MC Lyte has one of the industry’s most identifiable voices. From smaller events like the Black Music Collective Honors’ dinner to grandiose shows like the BET Awards and the 2023 GRAMMY Awards, the Brooklyn-bred rapper has voiced it all. Finally, Lyte has revealed how her time as a voiceover sensation came to be.
On Thursday (Feb. 2), Mastercard and Femme It Forward hosted the Pass The Mic…Hustle & Grow panel featuring Lyte, alongside Lil Kim, Misa Hylton, Jozzy, and Rhonda X—moderated by VIBE contributor Naima Cochrane. The panel was part of the ‘She Runs This’ series.
When discussing her career transition from rapper to acting and voiceover work, Lyte, 52, explained, “Everything that I do is everything that I wanted to do when I was 7 years old. I wanted to be on radio, I wanted to use my voice. I saw Tootie [played by Kim Fields] on The Facts of Life, and I was like, ‘I got to get to Los Angeles because I need to do some acting.’ I wanted to do all those things, but I also realized I had to prepare myself.”
She continued, “I couldn’t just show up because [I’m] MC Lyte; I had to know the skill set. I went to acting school, I went to voice-over coaching classes and workshops. I was just prepared for the moment so as the opportunities lined up, I was able to show up and show out.”
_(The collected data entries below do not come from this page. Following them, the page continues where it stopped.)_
(* Let $n\ge 1$, $m\ge 0$ be integers and let non-negative integers $r_0,r_1,\dots,r_n$ satisfy $$r_n=0,\quad r_{n-1}=m,\quad r_\ell\ge 2r_{\ell+1}\ \text{ for } \ell=n-2,\dots,0.$$ Let $k\ge 2r_0+1$ (so $k\ge 2^n m+1$). Let $T$ be an $n$-simplex and define the subsets of $\mathbb T^n_k$: $$S_0(\texttt v)=D(\texttt v,r_0)\quad(\texttt v\in\Delta_0(T)),$$ $$S_\ell(f)=D(f,r_\ell)\setminus\Big[\bigcup_{i=0}^{\ell-1}\bigcup_{e\in\Delta_i(f)}D(e,r_i)\Big]\quad (f\in\Delta_\ell(T),\ \ell=1,\dots,n-1),$$ $$S_n(T)=\mathbb T^n_k\setminus\Big[\bigcup_{i=0}^{n-1}\bigcup_{f\in\Delta_i(T)}D(f,r_i)\Big].$$ Then the sets $S_\ell(f)$, $f\in\Delta_\ell(T)$, $\ell=0,\dots,n$, are pairwise disjoint and their union is $\mathbb T^n_k$. Consequently $$\mathbb P_k(T)=\bigoplus_{\ell=0}^n\bigoplus_{f\in\Delta_\ell(T)}\mathbb P_k(S_\ell(f))\quad\text{(direct sum)}.$$
   Context: $T\subset\mathbb R^n$ is an $n$-simplex with vertices $\texttt v_0,\dots,\texttt v_n$ and barycentric coordinates $\lambda_0,\dots,\lambda_n$. $\mathbb N$ includes $0$. The simplicial lattice is $\mathbb T^n_k=\{\alpha=(\alpha_0,\dots,\alpha_n)\in\mathbb N^{n+1}:\sum_i\alpha_i=k\}$, and $\lambda^\alpha=\prod_i\lambda_i^{\alpha_i}$. For $S\subseteq\mathbb T^n_k$, $\mathbb P_k(S)=\mathrm{span}\{\lambda^\alpha:\alpha\in S\}$; $\mathbb P_k(T)$ is the space of polynomials of degree $\le k$ on $T$. $\Delta_\ell(T)$ is the set of $\ell$-dimensional sub-simplices (faces) of $T$; each $f\in\Delta_\ell(T)$ is identified with the set of indices of its vertices, $f\subseteq\{0,\dots,n\}$, $|f|=\ell+1$, and $f^*=\{0,\dots,n\}\setminus f$; a vertex $\texttt v_i$ is identified with $\{i\}$. For $\alpha\in\mathbb T^n_k$, $|\alpha_{f^*}|=\sum_{i\in f^*}\alpha_i$ (the distance $\mathrm{dist}(\alpha,f)$). The lattice tube of $f$ with radius $r$ is $D(f,r)=\{\alpha\in\mathbb T^n_k:|\alpha_{f^*}|\le r\}$. *)

From HB Require Import structures.
From mathcomp Require Import all_boot all_order all_algebra.
From mathcomp Require Import mpoly.
Set Implicit Arguments. Unset Strict Implicit. Unset Printing Implicit Defensive.
Import Order.TTheory GRing.Theory Num.Theory.
Local Open Scope ring_scope.

(* Simplicial lattice T^n_k : multi-indices alpha on the vertex set {0..n}
   ('I_n.+1) with entries <= k and total sum k. *)
Definition lat (n k : nat) : {set {ffun 'I_n.+1 -> 'I_k.+1}} :=
  [set a : {ffun 'I_n.+1 -> 'I_k.+1} | (\sum_i (a i : nat) == k)%N].

(* |alpha_{f*}| = sum over vertices not in f *)
Definition distf (n k : nat) (f : {set 'I_n.+1}) (a : {ffun 'I_n.+1 -> 'I_k.+1}) : nat :=
  (\sum_(i in ~: f) (a i : nat))%N.

Definition tube (n k : nat) (f : {set 'I_n.+1}) (r : nat) :=
  [set a in lat n k | (distf f a <= r)%N].

(* Delta_l(T): l-dimensional faces, as vertex-index sets of size l+1 *)
Definition faces (n l : nat) : {set {set 'I_n.+1}} :=
  [set f : {set 'I_n.+1} | #|f| == l.+1].

(* S_l(f) = D(f, r_l) \ U_{i<l} U_{e in Delta_i(f)} D(e, r_i).
   For l = 0 this is D(v, r_0); for l = n, f = T it is T^n_k minus the union
   (since D(T, r_n) = T^n_k). *)
Definition Sset (n k : nat) (r : nat -> nat) (l : nat) (f : {set 'I_n.+1}) :=
  tube k f (r l) :\:
    \bigcup_(i < l) \bigcup_(e in faces n i | e \subset f) tube k e (r i).

Definition bmono (R : realFieldType) (n k : nat) (lam : 'I_n.+1 -> {mpoly R[n]})
  (a : {ffun 'I_n.+1 -> 'I_k.+1}) : {mpoly R[n]} :=
  \prod_i (lam i) ^+ (a i).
Lyte later spoke on the importance of sisterhood and working with women. “All that I’d heard was that working with women wasn’t a good thing because they were so emotional,” she said. “I adopted this thought, but the truth was, I had to become responsible in the way that I communicated.”
The pioneering rapper—whose debut album, Lyte as a Rock, turns 35 this year—added, “There is a way that you can communicate with love and care and kindness, and I had not learned that when I [first started out]. What I can say now is this business that I’m in is the best for me because I know what sisterhood is.”